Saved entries
(* Let $\Gamma$ be a single edge $ab$ with label $m\ge3$, let $X$ be the Cayley complex of the standard presentation of $A_\Gamma$, and let $\Lambda\subset X$ be a hypergraph. Suppose $\gamma$ is an edge-path in $X$ whose first and last edges are vertices of $\Lambda$ and none of whose other edges is a vertex of $\Lambda$. Then the word read along $\gamma$ is not of the form $a^kba^l$, $b^kab^l$, or $a^kb^l$ with $k,l\in\mathbb{Z}\setminus\{0\}$.
   Context: For a labelled edge $ab$ with label $m$, $A_\Gamma=\langle a,b\mid p_m(a,b)=p_m(b,a)\rangle$ where $p_m(a,b)$ is the alternating word $aba\cdots$ of length $m$. The Cayley complex $X$ has vertex set $A_\Gamma$, a directed edge labelled $s$ from $g$ to $gs$ for $s\in\{a,b\}$, and a $2m$-gon $2$-cell glued along each closed path reading $p_m(a,b)p_m(b,a)^{-1}$. The word read along an edge-path records the label of each edge with exponent $+1$ or $-1$ according to whether it is traversed along or against its direction. Two edges of the boundary of a $2m$-gon are opposite if they are at distance $m-1$ along the boundary. A hypergraph in $X$ is a connected component of the graph whose vertices are the edges of $X$ and which has, for each $2$-cell $R$ and each pair of opposite edges of $\partial R$, an edge joining them. *)

From mathcomp Require Import all_boot all_order all_algebra.
Set Implicit Arguments. Unset Strict Implicit. Unset Printing Implicit Defensive.

(* Generators: true = a, false = b.  A letter is (generator, exponent),
   exponent true = +1, false = -1.  Words over {a,b}^{+-1}. *)
Definition letter := (bool * bool)%type.
Definition word := seq letter.

Definition linv (x : letter) : letter := (x.1, ~~ x.2).
Definition winv (w : word) : word := rev (map linv w).

(* p_m(x, y) = x y x ... (length m), x a generator *)
Definition palt (m : nat) (x : bool) : word :=
  [seq (if odd i then ~~ x else x, true) | i <- iota 0 m].

Definition relator (m : nat) : word := palt m true ++ winv (palt m false).

(* Equality in A_Gamma = <a,b | p_m(a,b) = p_m(b,a)>: the congruence on
   words generated by free reduction and the defining relation. *)
Inductive weq (m : nat) : word -> word -> Prop :=
| weq_refl w : weq m w w
| weq_sym u v : weq m u v -> weq m v u
| weq_trans u v w : weq m u v -> weq m v w -> weq m u w
| weq_free u v x : weq m (u ++ [:: x; linv x] ++ v) (u ++ v)
| weq_rel u v : weq m (u ++ palt m true ++ v) (u ++ palt m false ++ v).

(* An edge of the Cayley complex X: (g, s) is the edge labelled s from g to gs;
   g is given by a representative word. *)
Definition edge := (word * bool)%type.
Definition edge_eq (m : nat) (e e' : edge) : Prop := e.2 = e'.2 /\ weq m e.1 e'.1.

Definition path_edge (g w : word) (i : nat) : edge :=
  let x := nth (true, true) w i in
  let gi := g ++ take i w in
  if x.2 then (gi, x.1) else (gi ++ [:: (x.1, false)], x.1).

(* The 2-cell based at g has boundary the closed path from g reading the relator;
   its i-th boundary edge: *)
Definition cell_edge (m : nat) (g : word) (i : nat) : edge := path_edge g (relator m) i.

(* Opposite edges of the 2m-gon: e_i and e_{i+m} (m-1 edges between them). *)
Definition hadj (m : nat) (e e' : edge) : Prop :=
  exists g i, i < m /\ edge_eq m e (cell_edge m g i) /\ edge_eq m e' (cell_edge m g (i + m)).

(* Same hypergraph: connected in the graph on edges of X generated by
   opposite-edge pairs (edges being identified up to equality in X). *)
Inductive hconn (m : nat) : edge -> edge -> Prop :=
| hconn_eq e e' : edge_eq m e e' -> hconn m e e'
| hconn_adj e e' : hadj m e e' -> hconn m e e'
| hconn_sym e e' : hconn m e e' -> hconn m e' e
| hconn_trans e1 e2 e3 : hconn m e1 e2 -> hconn m e2 e3 -> hconn m e1 e3.

Definition gpow (s : bool) (k : int) : word :=
  match k with
  | Posz n => nseq n (s, true)
  | Negz n => nseq n.+1 (s, false)
  end.

From mathcomp Require Import all_boot all_order all_algebra ring zify.
Import GRing.Theory.
Set Implicit Arguments. Unset Strict Implicit. Unset Printing Implicit Defensive.

(* Let R be a commutative ring in which m = 0 (in the end R = Z/m).
   The affine maps x |-> +-x + t of R form a dihedral group, and sending a and b
   to the reflections x |-> -x and x |-> 1 - x defines a homomorphism from A_Gamma
   to it: both sides of p_m(a,b) = p_m(b,a) map to the same affine map because
   m = 0 in R.  To the edge of X from g labelled s we attach the reflection
   g s g^-1, recorded by its "mirror" c such that g s g^-1 is x |-> c - x.  Two
   opposite edges of a 2-cell have the same mirror, hence the mirror is constant
   along every hypergraph.  For an edge-path from g reading w whose first and
   last edges lie in one hypergraph, cancelling g shows that the reflection of
   the first letter of w equals the conjugate of the reflection of its last
   letter by w.  For the three word shapes of the statement this identity
   forces 2 = 0 in R, which is false in Z/m when m >= 3. *)

Lemma size_palt n x : size (palt n x) = n.
Proof. by rewrite /palt size_map size_iota. Qed.

Lemma palt_S n x : palt n.+1 x = (x, true) :: palt n (~~ x).
Proof.
rewrite /palt /= -[1]/(1 + 0) iotaDl -map_comp; congr cons.
by apply: eq_map => i /=; case: (odd i); case: x.
Qed.

Lemma nth_palt n x i d :
  i < n -> nth d (palt n x) i = (if odd i then ~~ x else x, true).
Proof. by move=> hi; rewrite /palt (nth_map 0) ?size_iota // nth_iota. Qed.

Lemma take_palt n x i : i <= n -> take i (palt n x) = palt i x.
Proof. by move=> hi; rewrite /palt -map_take take_iota (minn_idPl hi). Qed.

Lemma winv_palt n x :
  winv (palt n x) = [seq (l.1, false) | l <- palt n (if odd n then x else ~~ x)].
Proof.
apply: (@eq_from_nth _ (true, true)).
  by rewrite /winv size_rev !size_map.
rewrite /winv size_rev size_map size_palt => i hi.
rewrite nth_rev; last by rewrite size_map size_palt.
rewrite size_map size_palt (nth_map (true, true)); last by rewrite size_palt; lia.
rewrite (nth_map (true, true)) ?size_palt //; last lia.
rewrite !nth_palt //; last lia.
by rewrite /linv oddB //=; case: (odd n); case: (odd i); case: x.
Qed.

(* p_n(x, y) contains uphalf n letters x and n./2 letters y. *)
Lemma uphalf_addhalf n : uphalf n + n./2 = n.
Proof. by rewrite uphalf_half -addnA addnn odd_double_half. Qed.

Local Open Scope ring_scope.

Section Dihedral.
Variable R : comNzRingType.

Definition sgn (e : bool) : R := if e then 1 else -1.

Lemma sgn_eq a b : sgn (a == b) = sgn a * sgn b.
Proof. by case: a; case: b; rewrite /sgn /= ?mulr1 ?mul1r ?mulrNN ?mulr1. Qed.

Lemma sgnK e : sgn e * sgn e = 1.
Proof. by case: e; rewrite /sgn ?mulr1 ?mulrNN ?mulr1. Qed.

(* (e, t) stands for the affine map x |-> sgn e * x + t of R; amul is
   composition (amul p q applies q first) and aff1 the identity. *)
Definition aff := (bool * R)%type.
Definition aff1 : aff := (true, 0).
Definition amul (p q : aff) : aff := (p.1 == q.1, sgn p.1 * q.2 + p.2).

Lemma amulA p q r : amul p (amul q r) = amul (amul p q) r.
Proof.
by case: p q r => [[] a] [[] b] [[] c]; rewrite /amul /sgn /=; congr pair; ring.
Qed.

Lemma amul1a p : amul aff1 p = p.
Proof. by case: p => [[] a]; rewrite /amul /sgn /=; congr pair; ring. Qed.

Lemma amula1 p : amul p aff1 = p.
Proof. by case: p => [[] a]; rewrite /amul /sgn /=; congr pair; ring. Qed.

(* Exponents are irrelevant because reflections are involutions. *)
Definition gen_aff (s : bool) : aff := (false, if s then 0 else 1).
Definition word_aff (w : word) : aff :=
  foldr (fun x p => amul (gen_aff x.1) p) aff1 w.

Lemma gen_affK s : amul (gen_aff s) (gen_aff s) = aff1.
Proof. by case: s; rewrite /amul /sgn /=; congr pair; ring. Qed.

Lemma word_aff_cat u v : word_aff (u ++ v) = amul (word_aff u) (word_aff v).
Proof. by elim: u => [|x u IH] /=; rewrite ?amul1a // IH amulA. Qed.

Lemma word_aff_letter x : word_aff [:: x] = gen_aff x.1.
Proof. exact: amula1. Qed.

Lemma word_aff_relabel (f : letter -> letter) w :
  (forall x, (f x).1 = x.1) -> word_aff (map f w) = word_aff w.
Proof. by move=> hf; elim: w => [|x w IH] //=; rewrite IH hf. Qed.

Lemma word_aff_nseq n x :
  word_aff (nseq n x) = if odd n then gen_aff x.1 else aff1.
Proof.
elim: n => [|n IH] //=; rewrite -/(word_aff (nseq n x)) IH.
by case: (odd n); rewrite /= ?gen_affK ?amula1.
Qed.

Lemma word_aff_palt n x :
  word_aff (palt n x) = (~~ odd n, if x then - (n./2)%:R else (uphalf n)%:R).
Proof.
elim: n x => [|n IH] x; first by case: x; rewrite /= ?oppr0.
rewrite palt_S /= IH; case: x; rewrite /amul /sgn /= mulN1r.
  by rewrite addr0; case: (odd n).
by rewrite opprK natr1; case: (odd n).
Qed.

(* The mirror of p and s: p r_s p^-1 is the reflection x |-> mirror p s - x,
   where r_s = gen_aff s.  The mirror of an edge (g, s) of X is that of the
   reflection g s g^-1. *)
Definition mirror (p : aff) (s : bool) : R :=
  2 * p.2 + sgn p.1 * (if s then 0 else 1).
Definition edge_mirror (e : edge) : R := mirror (word_aff e.1) e.2.

Lemma mirror_amul p q s : mirror (amul p q) s = sgn p.1 * mirror q s + 2 * p.2.
Proof. by rewrite /mirror /amul /= sgn_eq; ring. Qed.

(* (p r_s) r_s (p r_s)^-1 = p r_s p^-1: appending s to p keeps the s-mirror. *)
Lemma mirror_amul_gen p s : mirror (amul p (gen_aff s)) s = mirror p s.
Proof. by case: p => e c; case: s; case: e; rewrite /mirror /amul /sgn /=; ring. Qed.

Lemma mirror_amul_inj p q q' s s' :
  mirror (amul p q) s = mirror (amul p q') s' -> mirror q s = mirror q' s'.
Proof.
rewrite !mirror_amul => /addIr /(congr1 (fun x => sgn p.1 * x)).
by rewrite !mulrA sgnK !mul1r.
Qed.

Lemma edge_mirror_path g w i :
  edge_mirror (path_edge g w i) =
  mirror (word_aff (g ++ take i w)) (nth (true, true) w i).1.
Proof.
rewrite /path_edge; case: (nth _ w i) => s [] //=.
by rewrite /edge_mirror /= word_aff_cat word_aff_letter mirror_amul_gen.
Qed.

Section Relation.
Variable m : nat.
Hypothesis charR : m%:R = 0 :> R.

(* The translation parts of p_m(a, b) and p_m(b, a) agree when m = 0. *)
Lemma halves_sum0 : (uphalf m)%:R = - (m./2)%:R :> R.
Proof. by apply/eqP; rewrite -subr_eq0 opprK -natrD uphalf_addhalf charR. Qed.

Lemma word_aff_weq u v : weq m u v -> word_aff u = word_aff v.
Proof.
elim=> [//|_ _ _ ->//|_ _ _ _ -> _ ->//|u0 v0 x|u0 v0]; rewrite !word_aff_cat.
  by rewrite /= amula1 /linv /= gen_affK amul1a.
by rewrite !word_aff_palt halves_sum0.
Qed.

Lemma edge_mirror_eq e e' : edge_eq m e e' -> edge_mirror e = edge_mirror e'.
Proof.
by case: e e' => [v s] [v' s'] [/= -> h]; rewrite /edge_mirror /= (word_aff_weq h).
Qed.

Lemma cell_edge_lo g i : (i < m)%N ->
  edge_mirror (cell_edge m g i) =
  mirror (amul (word_aff g) (word_aff (palt i true))) (~~ odd i).
Proof.
move=> hi; rewrite /cell_edge edge_mirror_path /relator.
rewrite takel_cat ?size_palt; last lia.
rewrite nth_cat size_palt hi nth_palt // take_palt; last lia.
by rewrite word_aff_cat; case: (odd i).
Qed.

Lemma cell_edge_hi g i : (i < m)%N ->
  edge_mirror (cell_edge m g (i + m)) =
  mirror (amul (word_aff g)
            (amul (word_aff (palt m true)) (word_aff (palt i (~~ odd m)))))
         (if odd i then odd m else ~~ odd m).
Proof.
move=> hi; rewrite /cell_edge edge_mirror_path /relator.
rewrite take_cat nth_cat size_palt ltnNge leq_addl /= addnK winv_palt.
rewrite -map_take take_palt; last lia.
rewrite (nth_map (true, true)) ?size_palt // nth_palt // !word_aff_cat.
by rewrite word_aff_relabel //=; case: (odd i); case: (odd m).
Qed.

(* Opposite edges of a 2-cell define the same reflection: after cancelling g,
   this is an identity between the explicit values of word_aff_palt that holds
   because odd m + 2 * m./2 = m = 0 in R. *)
Lemma opposite_edges_mirror g i : (i < m)%N ->
  edge_mirror (cell_edge m g i) = edge_mirror (cell_edge m g (i + m)).
Proof.
move=> hi; rewrite cell_edge_lo // cell_edge_hi // !mirror_amul; congr (_ * _ + _).
have hm : (odd m)%:R + (m./2)%:R * 2 = 0 :> R.
  by rewrite -charR -{3}(odd_double_half m) -muln2 natrD natrM.
rewrite !word_aff_palt uphalf_half.
move: hm; case: (odd i); case: (odd m) => /= hm; rewrite /mirror /sgn /=;
  apply/eqP; rewrite -subr_eq0; apply/eqP; apply: etrans hm; rewrite ?natrD; ring.
Qed.

Lemma hconn_mirror e e' : hconn m e e' -> edge_mirror e = edge_mirror e'.
Proof.
elim=> [? ? /edge_mirror_eq //|e1 e2 [g [i [hi [h1 h2]]]]|_ _ _ ->//|_ _ _ _ -> _ ->//].
by rewrite (edge_mirror_eq h1) (edge_mirror_eq h2) opposite_edges_mirror.
Qed.

Lemma path_ends_mirror g w : (0 < size w)%N ->
  hconn m (path_edge g w 0) (path_edge g w (size w).-1) ->
  mirror aff1 (head (true, true) w).1 = mirror (word_aff w) (last (true, true) w).1.
Proof.
case/lastP: w => [//|u x] _ /hconn_mirror.
rewrite !edge_mirror_path take0 cats0 size_rcons /= -cats1 take_size_cat //.
rewrite (nth_cat _ _ _ (size u)) ltnn subnn nth0 /= => ends_eq.
apply: (@mirror_amul_inj (word_aff g)); rewrite amula1 ends_eq last_cat /=.
rewrite -word_aff_cat catA [word_aff (_ ++ [:: x])]word_aff_cat.
by rewrite word_aff_letter mirror_amul_gen.
Qed.

End Relation.

End Dihedral.

Local Close Scope ring_scope.

Lemma last_nseqS n (x y : letter) : last y (nseq n.+1 x) = x.
Proof. by elim: n y => //= n IH y; rewrite IH. Qed.

Lemma gpow_nonzero s (k : int) : k != 0 -> exists n e, gpow s k = nseq n.+1 (s, e).
Proof. by case: k => [[|n]|n] //= _; do 2 eexists. Qed.

Definition forbidden_shape (w : word) : Prop :=
  exists k l : int, k != 0 /\ l != 0 /\
    (w = gpow true k ++ [:: (false, true)] ++ gpow true l
     \/ w = gpow false k ++ [:: (true, true)] ++ gpow false l
     \/ w = gpow true k ++ gpow false l).

Lemma two_eq0_of (R : comNzRingType) (c x y : R) :
  x = y -> (2 = c * (y - x) -> 2 = 0 :> R)%R.
Proof. by move=> -> ->; rewrite subrr mulr0. Qed.

(* For a forbidden word the two mirrors of path_ends_mirror differ by +-1 or
   +-2 (in each case according to the parities of the two exponents), so they
   can only agree when 2 = 0. *)
Lemma forbidden_mirrors (R : comNzRingType) w : forbidden_shape w ->
  mirror (aff1 R) (head (true, true) w).1 =
  mirror (word_aff R w) (last (true, true) w).1 ->
  (2 = 0 :> R)%R.
Proof.
move=> [k [l [hk [hl shape]]]].
case: shape => [|[|]] ->;
  [ have [n1 [e1 ->]] := gpow_nonzero true hk; have [n2 [e2 ->]] := gpow_nonzero true hl
  | have [n1 [e1 ->]] := gpow_nonzero false hk; have [n2 [e2 ->]] := gpow_nonzero false hl
  | have [n1 [e1 ->]] := gpow_nonzero true hk; have [n2 [e2 ->]] := gpow_nonzero false hl ];
rewrite !last_cat last_nseqS !word_aff_cat !word_aff_nseq ?word_aff_letter /=;
case: (odd n1); case: (odd n2); rewrite /mirror /amul /gen_aff /aff1 /sgn /= => h;
first [ by apply: (two_eq0_of (c := 1%R) h); ring
      | by apply: (two_eq0_of (c := (-1)%R) h); ring
      | by apply: (two_eq0_of (c := 2%R) h); ring
      | by apply: (two_eq0_of (c := (-2)%R) h); ring ].
Qed.

Lemma two_neq0_Zp m : 3 <= m -> (2 != 0 :> 'Z_m)%R.
Proof.
move=> hm; apply/eqP => two0; have hm1 : 1 < m by lia.
by move: (val_Zp_nat hm1 2); rewrite two0 /= modn_small //; lia.
Qed.

(* The hypergraph Lambda is the component {e | hconn m e0 e} of the edge e0. *)
Theorem lemma4p4 (m : nat) (hm : 3 <= m) (e0 : edge) (g w : word)
  (hw : 0 < size w)
  (hfirst : hconn m e0 (path_edge g w 0))
  (hlast : hconn m e0 (path_edge g w (size w).-1))
  (hmid : forall i, 0 < i -> i < (size w).-1 -> ~ hconn m e0 (path_edge g w i)) :
  ~ (exists k l : int, k != 0 /\ l != 0 /\
       (w = gpow true k ++ [:: (false, true)] ++ gpow true l
        \/ w = gpow false k ++ [:: (true, true)] ++ gpow false l
        \/ w = gpow true k ++ gpow false l)).
Proof.
move=> forbidden; have hm1 : 1 < m by lia.
have ends_connected := hconn_trans (hconn_sym hfirst) hlast.
have same_mirror := path_ends_mirror (pchar_Zp hm1) hw ends_connected.
by move: (two_neq0_Zp hm); rewrite (forbidden_mirrors forbidden same_mirror) eqxx.
Qed.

> _REQUIRED ACTION_:
Show every line above where "hlast" is found.

> _RESPONSE_:
  (hlast : hconn m e0 (path_edge g w (size w).-1))
have ends_connected := hconn_trans (hconn_sym hfirst) hlast.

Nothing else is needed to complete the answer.